- Duration: August 21–31, 2025
- Teams: 6
- Matches: 15
- TV partner(s): One Sports; One Sports+; RPTV;
- Streaming partner(s): Pilipinas Live

Results
- Champions: PLDT High Speed Hitters
- Runners-up: Kobe Shinwa University
- Third place: Creamline Cool Smashers
- Fourth place: Chery Tiggo Crossovers

Awards
- Conference MVP: Savi Davison
- Finals MVP: Kath Arado
- Best OH: Jema Galanza; Nagisa Komatsuda;
- Best MB: Jeanette Panaga; Rizza Nogales;
- Best OPP: Ara Galang
- Best Setter: Sakura Furuta
- Best Libero: Kath Arado

PVL Invitational Conference chronology
- < 2024 2026 >

PVL conference chronology
- < 2024–25 All-Filipino 2025 Reinforced >
- < 2025 PVL on Tour (preseason)

= 2025 Premier Volleyball League Invitational Conference =

Second conference of the 2024–25 PVL season

The 2025 Premier Volleyball League Invitational Conference was the first conference of the 2025–26 Premier Volleyball League season and the second tournament of the season. The fourth Invitational Conference runs from August 21 to 31, 2025 and featured five of the league's local teams alongside one foreign guest team. The tournament was initially set to start on August 19, two days before its current schedule.

The PLDT High Speed Hitters won the conference after beating the guest team Kobe Shinwa University in the championship match in four sets, giving them back-to-back gold medals following their preseason triumph. The Creamline Cool Smashers swept the Chery Tiggo Crossovers in the 3rd medal match to complete the podium and retain their streak of nineteen consecutive podium finishes.

==Qualification==
The 2025 Invitational Conference follows the same format as the 2024 edition. It is a smaller-scale tournament where only a selection of teams will qualify based on performance from the previous conference.

Four slots were allocated for the semifinalists of the 2025 PVL on Tour. These were Chery Tiggo Crossovers, Cignal HD Spikers, Creamline Cool Smashers, and PLDT High Speed Hitters. As part of the Invitational Conference, the league invited two foreign guest teams to compete. The Kurashiki Ablaze and Kobe Shinwa University, both from Japan, were announced to compete on August 13. Kobe Shinwa will make their debut after backing out of the 2022 edition.

On August 21, it was announced that Kurashiki, which would have made their third consecutive Invitational appearance, will no longer compete due to a "serious compliance violation" by head coach Hideo Suzuki. An invitation was first sent to the Farm Fresh Foxies, but the team instead gave the invitation to the Zus Coffee Thunderbelles, which accepted it.

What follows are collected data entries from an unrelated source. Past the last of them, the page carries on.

Definition fderiv (i : 'I_4) (f : RF C) : RF C :=
  tofrac ((num f)^`M(i) * den f - num f * (den f)^`M(i)) / tofrac (den f ^+ 2).

Definition fsubst (h : 'I_4 -> RF C) (f : RF C) : RF C :=
  mmap cst h (num f) / mmap cst h (den f).

Definition phi_rf (beta : C) (i : 'I_4) : RF C :=
  match val i with
  | 0 => xv 1
  | 1 => xv 2
  | 2 => xv 3
  | _ => (xv 1 * xv 3 + cst beta) / xv 0
  end.

Definition conserved (beta : C) (f : RF C) : Prop := fsubst (phi_rf beta) f = f.

Definition pcoef (i j : 'I_4) : int :=
  match val i, val j with
  | 0, 1 => 1 | 1, 0 => -1
  | 0, 3 => 1 | 3, 0 => -1
  | 1, 2 => 1 | 2, 1 => -1
  | 2, 3 => 1 | 3, 2 => -1
  | _, _ => 0
  end.
Definition pb0 (i j : 'I_4) : RF C := (pcoef i j)%:~R * xv i * xv j.

Definition pbracket (f g : RF C) : RF C :=
  \sum_(i < 4) \sum_(j < 4) fderiv i f * fderiv j g * pb0 i j.

Definition independent (k : nat) (fs : 'I_k -> RF C) : bool :=
  \rank (\matrix_(a < k, i < 4) fderiv i (fs a)) == k.

Definition Q0f : RF C := Q0 (xv 0) (xv 1) (xv 2) (xv 3).
Definition Q1f : RF C := Q1 (xv 0) (xv 1) (xv 2) (xv 3).
Definition Q2f (beta : C) : RF C := Q2 (cst beta) (xv 0) (xv 1) (xv 2) (xv 3).
Definition J1f (beta : C) : RF C := J1 (cst beta) (xv 0) (xv 1) (xv 2) (xv 3).
Definition J2f (beta : C) : RF C := J2 (cst beta) (xv 0) (xv 1) (xv 2) (xv 3).
Definition J3f (beta : C) : RF C := J3 (cst beta) (xv 0) (xv 1) (xv 2) (xv 3).

Definition Jfam (beta : C) (a : 'I_3) : RF C :=
  match val a with 0 => J1f beta | 1 => J2f beta | _ => J3f beta end.
End RationalFunctions.

From HB Require Import structures.
From mathcomp Require Import all_boot all_order all_algebra.
From mathcomp Require Import fraction.
From mathcomp Require Import mpoly.
From mathcomp Require Import ring.
Import Order.TTheory GRing.Theory Num.Theory.
Local Open Scope ring_scope.
Set Implicit Arguments.
Unset Strict Implicit.
Unset Printing Implicit Defensive.

(* The map phi permutes the Q_j cyclically: Q0 o phi = Q1, Q1 o phi = Q2 and
   Q2 o phi = Q0.  Hence every symmetric function of Q0, Q1, Q2, in particular
   J1, J2 and J3, is conserved.  For the log-canonical bracket one computes
   {Q0, Q1} = 2 (Q0 Q1 - 1) and cyclically, which makes
   J1 = Q0 Q1 Q2 - Q0 - Q1 - Q2 commute with each Q_j, hence with J2 and J3.
   By the chain rule the Jacobian of (J1, J2, J3) with respect to x0, x1, x2 is
   (Q0 - Q1)(Q1 - Q2)(Q2 - Q0) times that of (Q0, Q1, Q2), and each factor is a
   nonzero rational function, as one sees by clearing denominators and
   evaluating at a point.  Along an orbit J1 stays constant, and a direct
   computation gives x_(n+6) - J1 x_(n+3) + x_n = 0; so each subsequence
   x_(3n+j) satisfies y_(n+2) = 2 t y_(n+1) - y_n with t = J1/2, the recurrence
   of the Chebyshev polynomials.

   On rational functions the quotient rule does not depend on the chosen
   representative, which makes it a derivation; and substitution along phi is
   a field endomorphism because phi is birational, so p o phi = 0 forces p = 0. *)

Lemma det_mx33 (R : comNzRingType) (A : 'M[R]_3) :
  \det A = A 0 0 * A 1 1 * A 2 2 - A 0 0 * A 1 2 * A 2 1 - A 0 1 * A 1 0 * A 2 2
         + A 0 1 * A 1 2 * A 2 0 + A 0 2 * A 1 0 * A 2 1 - A 0 2 * A 1 1 * A 2 0.
Proof.
set B := fun i j : nat => A (inord i) (inord j).
have AE i j : A i j = B i j by rewrite /B !inord_val.
rewrite (expand_det_row _ 0) !big_ord_recr big_ord0 /= add0r /cofactor.
rewrite !(expand_det_row _ 0) !big_ord_recr !big_ord0 /= !add0r /cofactor.
rewrite !det_mx11 !mxE !AE /= /bump /=.
rewrite -[((1 %% 3 + 1 %% 3) %% 3)%N]/2%N -[(1 %% 3)%N]/1%N; ring.
Qed.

| Qualification method | Date | Berths | Qualifier(s) |
| 2025 PVL on Tour semifinalists | August 7–9, 2025 | 4 | Chery Tiggo Crossovers |
Cignal HD Spikers
Creamline Cool Smashers
PLDT High Speed Hitters
| Invited teams | August 21, 2025 | 1 | Zus Coffee Thunderbelles |
| Foreign guest teams | August 13, 2025 (announcement) | 2 1 | Kobe Shinwa University (Japan) |
Kurashiki Ablaze (Japan)

==Participating teams==

2025 Premier Volleyball League Invitational Conference
| Abbr. | Team | Affiliation | Head coach | Team captain |
Local teams
| CTC | Chery Tiggo Crossovers | United Asia Automotive Group | PHI Norman Miguel | PHI Aby Maraño |
| CHD | Cignal HD Spikers | Cignal TV, Inc. | PHI Shaq Delos Santos | PHI Dawn Macandili-Catindig |
| CCS | Creamline Cool Smashers | Rebisco | PHI Sherwin Meneses | PHI Alyssa Valdez |
| HSH | PLDT High Speed Hitters | PLDT Inc. | PHI Rald Ricafort | PHI Kath Arado |
| ZUS | Zus Coffee Thunderbelles | Zuspresso Sdn. Bhd. / Strong Group Athletics | PHI Jerry Yee | PHI Cloanne Mondoñedo |
Foreign guest team
| KSU | Kobe Shinwa University |  | JPN Kiyokazu Yamamoto | JPN Sakura Furuta |

==Venues==

| Preliminaries | Preliminaries, Finals |
|---|---|
| Pasig | Quezon City |
| PhilSports Arena (PSA) | Smart Araneta Coliseum (SAC) |
| Capacity: 10,000 | Capacity: 20,000 |

==Transactions==

===National team players===
The following players are part of the Philippines women's national team pool that were training and scheduled to play in several events in the 2025 national team season. They were therefore excluded from the conference. On August 18, these players were allowed to report back to their respective clubs but they can only play in the Reinforced Conference and not this tournament.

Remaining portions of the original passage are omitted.